L-R Susan Allen, Susan Cobb, Lisa Smith, Carol McGrath, Joni Beemsterboer, Karen Drucker |
For Joni Beemsterboer, a sign posted in the San Francisco Jewish Community Center in 1977 provided the catalyst that led to becoming a member of this team. The sign encouraged people interested in swimming the Golden Gate to meet at the Buena Vista Cafe for a briefing and test swim. After sign-in and briefing, the aspirants trudged to the shore of Aquatic Park Lagoon. In the water, Dino Landucci, a venerable Dolphin, piloted the swimmers around the course. Joni knew she had passed the test when the organizer stopped her in mid-swim and said, "So--for the after party--do you want to bring ground beef or wine?"
Dino suggested to the group that they keep swimming in the Bay to prepare for the longer Golden Gate swim. Heeding his advice, Joni and her cohorts swam regularly off the beach of Aquatic Park, warming up in their cars afterwards. In the process, she acquired the then-requisite two sponsors to apply for membership at the Dolphin Club in October, 1977.

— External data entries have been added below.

Lemma valid_uniq (v : V) s : valid (v, s) -> uniq s.
Proof.
elim: s v => [|e s IH] v //=; rewrite valid_cons => /andP [_ vs].
rewrite (IH _ vs) andbT; apply/negP => e_in; move: vs.
case/splitPr: e_in => a b; rewrite valid_cat valid_cons => /and3P [va /eqP back _].
have := @acyclic (src e, e :: a); rewrite valid_cons eqxx va => /(_ isT isT).
by rewrite pend_cons -back eqxx.
Qed.

Lemma valid_size (p : P) : valid p -> size p.2 <= #|E|.
Proof. by case: p => v s /valid_uniq /card_uniqP <-; apply: max_card. Qed.

Lemma maximal_superpath (p : P) : valid p -> exists2 M, maximal_path M & subpath p M.
Proof.
have [m] := ubnP (#|E| - size p.2); elim: m p => // m IH p lt_m vp.
have [maxp|not_maxp] := classic (maximal_path p); first by exists p; last exact: subpath_refl.
have [q [vq pq qp]] : exists q, [/\ valid q, subpath p q & q <> p].
  apply: NNPP => none; apply: not_maxp; split=> // q vq pq.
  by apply: NNPP => qp; apply: none; exists q.
have lt_pq : size p.2 < size q.2.
  by rewrite ltnNge; apply/negP => /(subpath_size_eq pq).
have lt_q : #|E| - size q.2 < m by have := valid_size vq; lia.
have [M maxM qM] := IH q lt_q vq.
by exists M => //; apply: subpath_trans pq qM.
Qed.

Section Cycle.
Variable n : nat.
Hypothesis cycle : underlying_cycle Q n.

Definition incident (u : V) (e : E) := (src e == u) || (tgt e == u).

Lemma exists_incident (u : V) : exists e, incident u e.
Proof.
have [_ [f [g [[f' _ f'K] [_ fg]]]]] := cycle.
exists (g (f' u)); have := fg (f' u); rewrite f'K /incident.
by case/orP => /andP [/eqP -> /eqP ->]; rewrite eqxx ?orbT.
Qed.

(* With f and g enumerating the vertices and arrows of the cycle, the arrows at f k
   are g k and g (ord_pred k). *)
Lemma incident_at_most_two (u : V) (e1 e2 e3 : E) :
  incident u e1 -> incident u e2 -> incident u e3 ->
  [\/ e1 = e2, e1 = e3 | e2 = e3].
Proof.
have [_ [f [g [[f' fK _] [[g' _ g'K] fg]]]]] := cycle.
have index e : incident u e -> g' e = f' u \/ g' e = ord_pred (f' u).
  rewrite /incident; have := fg (g' e); rewrite g'K.
  by case/orP => /andP [/eqP -> /eqP ->] /orP [] /eqP <-; rewrite fK ?ordSK; auto.
move=> /index [] h1 /index [] h2 /index [] h3;
  first [ apply: Or31; apply: (can_inj g'K); congruence
        | apply: Or32; apply: (can_inj g'K); congruence
        | apply: Or33; apply: (can_inj g'K); congruence ].
Qed.

Lemma out_arrow_unique (c e1 e2 : E) : tgt c = src e1 -> src e1 = src e2 -> e1 = e2.
Proof.
move=> c_e1 e1_e2; have /eqP := src_neq_tgt e1; have /eqP := src_neq_tgt e2.
have := @incident_at_most_two (src e1) c e1 e2.
rewrite /incident c_e1 -e1_e2 !eqxx ?orbT => /(_ isT isT isT) [ce1|ce2|e12]; congruence.
Qed.

Lemma in_arrow_unique (c e1 e2 : E) : src c = tgt e1 -> tgt e1 = tgt e2 -> e1 = e2.
Proof.
move=> c_e1 e1_e2; have /eqP := src_neq_tgt e1; have /eqP := src_neq_tgt e2.
have := @incident_at_most_two (tgt e1) c e1 e2.
rewrite /incident c_e1 -e1_e2 !eqxx ?orbT => /(_ isT isT isT) [ce1|ce2|e12]; congruence.
Qed.

Lemma maximal_path_nontrivial (M : P) : maximal_path M -> M.2 != [::].
Proof.
case: M => v [|e s] [vM maxM] //.
have [e /orP [] /eqP inc_e] := exists_incident v.
- have /maxM /(_ (endpoint_subpath (or_introl erefl))) // : valid (v, [:: e]).
  by rewrite valid_cons inc_e eqxx.
- have /maxM : valid (src e, [:: e]) by rewrite valid_cons eqxx.
  by move/(_ (endpoint_subpath (p := (src e, [:: e])) (or_intror inc_e))).
Qed.

Lemma maximal_path_ends_neq (M : P) : maximal_path M -> pend M != M.1.
Proof.
move=> maxM; apply: acyclic (proj1 maxM) _.
by rewrite lt0n size_eq0 maximal_path_nontrivial.
Qed.

Lemma maximal_path_source_endpoint (y : V) (M : P) :
  maximal_path M -> is_source y -> endpoint y M -> M.1 = y.
Proof.
move=> /maximal_path_nontrivial; case: M => v s /= + source_y [] //=.
case/lastP: s => [|s e] //; rewrite pend_rcons => _ tgt_e.
by have := source_y e; rewrite tgt_e eqxx.
Qed.

Lemma sink_path_unique (c : E) s1 s2 :
  valid (tgt c, s1) -> valid (tgt c, s2) ->
  is_sink (pend (tgt c, s1)) -> is_sink (pend (tgt c, s2)) -> s1 = s2.
Proof.
elim: s1 s2 c => [|e1 s1 IH] [|e2 s2] c //; rewrite ?valid_cons ?pend_nil.
- by move=> _ /andP [/eqP src_e2 _] /(_ e2); rewrite src_e2 eqxx.
- by move=> /andP [/eqP src_e1 _] _ _ /(_ e1); rewrite src_e1 eqxx.
rewrite !pend_cons => /andP [/eqP c_e1 v1] /andP [/eqP c_e2 v2] sink1 sink2.
have e12 : e1 = e2 by apply: (@out_arrow_unique c); congruence.
by subst e2; rewrite (IH s2 e1).
Qed.

Lemma source_path_unique (c : E) (v1 v2 : V) s1 s2 :
  valid (v1, s1) -> valid (v2, s2) -> pend (v1, s1) = src c -> pend (v2, s2) = src c ->
  is_source v1 -> is_source v2 -> (v1, s1) = (v2, s2).
Proof.
elim/last_ind: s1 s2 c => [|s1 e1 IH] s2 c; case/lastP: s2 => [|s2 e2];
  rewrite ?pend_nil ?pend_rcons.
- by move=> _ _ -> ->.
- by move=> _ _ -> tgt_e2 /(_ e2); rewrite tgt_e2 eqxx.
- by move=> _ _ tgt_e1 -> _ /(_ e1); rewrite tgt_e1 eqxx.
rewrite !valid_rcons => /andP [val1 /eqP e1_end] /andP [val2 /eqP e2_end] c_e1 c_e2 so1 so2.
have e12 : e1 = e2 by apply: (@in_arrow_unique c); congruence.
subst e2; by case: (IH s2 e1 val1 val2 (esym e1_end) (esym e2_end) so1 so2) => -> ->.
Qed.

Lemma maximal_path_arrow_inj (e : E) (M1 M2 : P) : maximal_path M1 -> maximal_path M2 ->
  e \in M1.2 -> e \in M2.2 -> M1 = M2.
Proof.
move=> max1 max2; move: (maximal_path_sink max1) (maximal_path_sink max2).
move: (maximal_path_source max1) (maximal_path_source max2) (proj1 max1) (proj1 max2).
case: M1 {max1} => v1 s1; case: M2 {max2} => v2 s2 /= so1 so2 + + + + in1 in2.
case/splitPr: in1 => a1 b1; case/splitPr: in2 => a2 b2.
rewrite !pend_cat !pend_cons !valid_cat !valid_cons.
move=> /and3P [va1 /eqP e_end1 vb1] /and3P [va2 /eqP e_end2 vb2] si1 si2.
case: (source_path_unique va1 va2 (esym e_end1) (esym e_end2) so1 so2) => -> ->.
by rewrite (sink_path_unique vb1 vb2 si1 si2).
Qed.

Lemma trivial_subpath_incident (x : V) (M : P) : valid M -> M.2 != [::] ->
  subpath (x, [::]) M -> exists2 e, e \in M.2 & incident x e.
Proof.
case: M => v s vM + /subpathP [a [b []]] /= s_eq x_eq; rewrite {}s_eq {}x_eq in vM *.
case/lastP: a vM => [|a e] /=.
  case: b => [|e b] // + _; rewrite valid_cons => /andP [/eqP src_e _].
  by exists e; rewrite ?inE ?eqxx // /incident src_e eqxx.
by exists e; rewrite ?mem_cat ?mem_rcons ?inE ?eqxx // /incident pend_rcons eqxx orbT.
Qed.

Lemma endpoint_incident (x : V) (M : P) : maximal_path M -> endpoint x M ->
  exists2 e, e \in M.2 & incident x e.
Proof.
move=> maxM /endpoint_subpath.
exact: trivial_subpath_incident (proj1 maxM) (maximal_path_nontrivial maxM).
Qed.

(* An interior vertex of M1 carries two arrows of M1, so an arrow of M2 at it is one of them. *)
Lemma common_vertex_endpoint (x : V) (M1 M2 : P) :
  maximal_path M1 -> maximal_path M2 -> M1 <> M2 ->
  subpath (x, [::]) M1 -> subpath (x, [::]) M2 -> endpoint x M1.
Proof.
move=> max1 max2 M12 sub1 /(trivial_subpath_incident (proj1 max2)).
case/(_ (maximal_path_nontrivial max2)) => e2 in2 inc2.
have shared e : e \in M1.2 -> e = e2 -> False.
  by move=> in1 e12; apply: M12; apply: (maximal_path_arrow_inj max1 max2 in1); rewrite e12.
move: sub1 (proj1 max1) shared inc2.
case: M1 {max1 M12} => v s /subpathP [a [b []]] /= -> ->.
case/lastP: a => [|a ea]; first by left.
case: b => [|eb b]; first by right; rewrite cats0.
rewrite !pend_rcons valid_cat valid_cons pend_rcons => /and3P [_ /eqP src_eb _] shared inc2.
have := @incident_at_most_two (tgt ea) ea eb e2.
rewrite inc2 /incident src_eb !eqxx ?orbT => /(_ isT isT isT) [eab|ea2|eb2].
- by have := src_neq_tgt eb; rewrite src_eb -eab eqxx.
- by exfalso; apply: (shared ea _ ea2); rewrite mem_cat mem_rcons mem_head.
- by exfalso; apply: (shared eb _ eb2); rewrite mem_cat mem_head orbT.
Qed.

Lemma common_subpath_trivial (p M1 M2 : P) :
  maximal_path M1 -> maximal_path M2 -> M1 <> M2 -> subpath p M1 -> subpath p M2 ->
  exists x, [/\ p = (x, [::]), endpoint x M1 & endpoint x M2].
Proof.
move=> max1 max2 M12; case: p => x [|e s] sub1 sub2.
  exists x; split=> //; first exact: common_vertex_endpoint max1 max2 M12 sub1 sub2.
  by apply: common_vertex_endpoint max2 max1 _ sub2 sub1 => /esym.
have /subpath_mem in1 := sub1; have /subpath_mem in2 := sub2.
case: M12; exact: maximal_path_arrow_inj max1 max2 (in1 _ (mem_head e s)) (in2 _ (mem_head e s)).
Qed.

Women had been allowed to petition for membership only one year earlier and the welcome was not universally cordial. Some of the leadership had admonished the club's volunteer legal representative that, "Money is no object. Just make this go away." However, the club was located on city property and gender exclusion was no longer an option. Then, as now, the club required applicants to appear in person before the board. Joni remembers several male members taking great delight in the women's discomfiture as they stood and stated their reasons for joining.
Early women members of the Dolphin Club |
It was this bubbling caldron of fast, intrepid, cold-water swimmers that produced the first American women's channel relay team. Lisa Smith approached five Dolphins, including Joni to join the effort. They conducted the usual training preparations, complete with night swims. As Joni recalls with evident nostalgic fondness, "On the day [of our relay swim], we were a finely honed instrument." Looking back, it seems natural that of all the swim clubs in the United States, the Dolphin Club would produce this ground-breaking collection of women: All American, all Dolphins, all women.